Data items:

= = =

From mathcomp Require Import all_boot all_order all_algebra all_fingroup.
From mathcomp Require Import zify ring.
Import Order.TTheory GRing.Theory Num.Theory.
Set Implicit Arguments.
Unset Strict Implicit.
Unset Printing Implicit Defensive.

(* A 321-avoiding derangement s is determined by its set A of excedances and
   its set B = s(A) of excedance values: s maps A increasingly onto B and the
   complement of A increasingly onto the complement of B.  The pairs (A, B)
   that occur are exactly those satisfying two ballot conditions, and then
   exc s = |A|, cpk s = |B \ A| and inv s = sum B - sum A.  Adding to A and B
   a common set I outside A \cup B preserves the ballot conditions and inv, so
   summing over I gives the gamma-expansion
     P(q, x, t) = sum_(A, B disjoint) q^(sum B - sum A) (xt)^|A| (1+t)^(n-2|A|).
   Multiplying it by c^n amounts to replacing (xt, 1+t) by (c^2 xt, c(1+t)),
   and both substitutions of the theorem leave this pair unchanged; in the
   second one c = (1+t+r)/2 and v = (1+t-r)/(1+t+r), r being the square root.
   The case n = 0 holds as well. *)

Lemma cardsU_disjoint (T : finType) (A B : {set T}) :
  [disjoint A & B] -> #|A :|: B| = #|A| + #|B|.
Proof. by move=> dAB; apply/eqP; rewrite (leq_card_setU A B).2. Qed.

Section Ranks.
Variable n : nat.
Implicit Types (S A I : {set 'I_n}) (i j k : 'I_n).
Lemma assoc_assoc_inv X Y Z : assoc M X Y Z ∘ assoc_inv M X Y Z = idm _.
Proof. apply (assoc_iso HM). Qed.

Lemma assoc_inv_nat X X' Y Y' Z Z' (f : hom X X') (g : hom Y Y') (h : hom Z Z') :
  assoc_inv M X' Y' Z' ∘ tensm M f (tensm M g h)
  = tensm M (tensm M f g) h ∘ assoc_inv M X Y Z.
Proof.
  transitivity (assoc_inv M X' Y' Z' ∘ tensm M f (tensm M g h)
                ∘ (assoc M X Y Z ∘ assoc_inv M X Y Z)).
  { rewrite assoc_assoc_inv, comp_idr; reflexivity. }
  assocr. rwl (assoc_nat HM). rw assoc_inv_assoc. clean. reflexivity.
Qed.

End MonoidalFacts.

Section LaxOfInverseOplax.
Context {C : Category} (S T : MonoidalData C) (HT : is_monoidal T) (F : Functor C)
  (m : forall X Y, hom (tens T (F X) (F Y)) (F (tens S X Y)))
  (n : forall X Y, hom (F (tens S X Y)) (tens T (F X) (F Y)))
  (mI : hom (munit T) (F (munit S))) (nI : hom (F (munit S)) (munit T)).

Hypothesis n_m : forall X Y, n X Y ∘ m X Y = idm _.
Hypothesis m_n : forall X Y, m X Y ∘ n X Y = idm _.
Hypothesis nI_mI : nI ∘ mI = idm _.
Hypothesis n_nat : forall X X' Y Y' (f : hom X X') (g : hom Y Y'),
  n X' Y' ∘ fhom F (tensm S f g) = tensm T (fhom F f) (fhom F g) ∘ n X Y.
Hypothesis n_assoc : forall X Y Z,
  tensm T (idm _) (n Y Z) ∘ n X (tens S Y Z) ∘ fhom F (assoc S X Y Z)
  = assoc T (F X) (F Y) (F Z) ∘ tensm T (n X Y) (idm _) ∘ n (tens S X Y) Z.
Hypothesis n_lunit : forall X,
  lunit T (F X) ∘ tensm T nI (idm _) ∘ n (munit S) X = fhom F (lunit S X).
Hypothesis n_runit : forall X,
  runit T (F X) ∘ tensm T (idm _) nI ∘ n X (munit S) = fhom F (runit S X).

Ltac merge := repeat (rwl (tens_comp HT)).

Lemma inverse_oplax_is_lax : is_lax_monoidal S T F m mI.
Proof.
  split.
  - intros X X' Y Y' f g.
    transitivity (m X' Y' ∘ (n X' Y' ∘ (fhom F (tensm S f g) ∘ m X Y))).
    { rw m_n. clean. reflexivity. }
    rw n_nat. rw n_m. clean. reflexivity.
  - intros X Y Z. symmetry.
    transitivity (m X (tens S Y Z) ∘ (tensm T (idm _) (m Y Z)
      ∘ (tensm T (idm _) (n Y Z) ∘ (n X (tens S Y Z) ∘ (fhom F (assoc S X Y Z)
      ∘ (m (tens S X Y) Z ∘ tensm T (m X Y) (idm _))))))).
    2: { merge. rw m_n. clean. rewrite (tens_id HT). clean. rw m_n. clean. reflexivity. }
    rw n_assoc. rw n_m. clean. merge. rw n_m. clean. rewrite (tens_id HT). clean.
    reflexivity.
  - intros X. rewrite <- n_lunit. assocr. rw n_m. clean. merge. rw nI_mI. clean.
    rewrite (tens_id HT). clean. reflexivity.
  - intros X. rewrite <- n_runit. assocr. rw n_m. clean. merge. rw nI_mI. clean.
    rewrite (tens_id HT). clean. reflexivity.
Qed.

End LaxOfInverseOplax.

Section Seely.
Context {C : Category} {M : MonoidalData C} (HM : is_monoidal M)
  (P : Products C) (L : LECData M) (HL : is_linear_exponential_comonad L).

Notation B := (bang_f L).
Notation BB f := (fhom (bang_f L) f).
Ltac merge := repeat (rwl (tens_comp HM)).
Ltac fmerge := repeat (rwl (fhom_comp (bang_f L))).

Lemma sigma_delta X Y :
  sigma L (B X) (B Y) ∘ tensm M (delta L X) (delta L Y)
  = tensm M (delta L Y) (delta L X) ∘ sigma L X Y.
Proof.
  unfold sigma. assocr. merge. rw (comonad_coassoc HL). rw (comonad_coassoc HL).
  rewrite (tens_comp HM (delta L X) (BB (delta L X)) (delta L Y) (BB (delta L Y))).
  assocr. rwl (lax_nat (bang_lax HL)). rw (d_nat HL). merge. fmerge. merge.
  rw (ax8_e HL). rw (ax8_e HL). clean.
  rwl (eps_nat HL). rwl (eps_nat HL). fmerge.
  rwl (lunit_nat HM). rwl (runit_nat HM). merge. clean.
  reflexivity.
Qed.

= = =

§ **Required action**
Set down verbatim only the lines between the start of the data above and the line with "(* A 321-avoiding", both boundaries included.

§ **Output of the task**
From mathcomp Require Import all_boot all_order all_algebra all_fingroup.
From mathcomp Require Import zify ring.
Import Order.TTheory GRing.Theory Num.Theory.
Set Implicit Arguments.
Unset Strict Implicit.
Unset Printing Implicit Defensive.

(* A 321-avoiding derangement s is determined by its set A of excedances and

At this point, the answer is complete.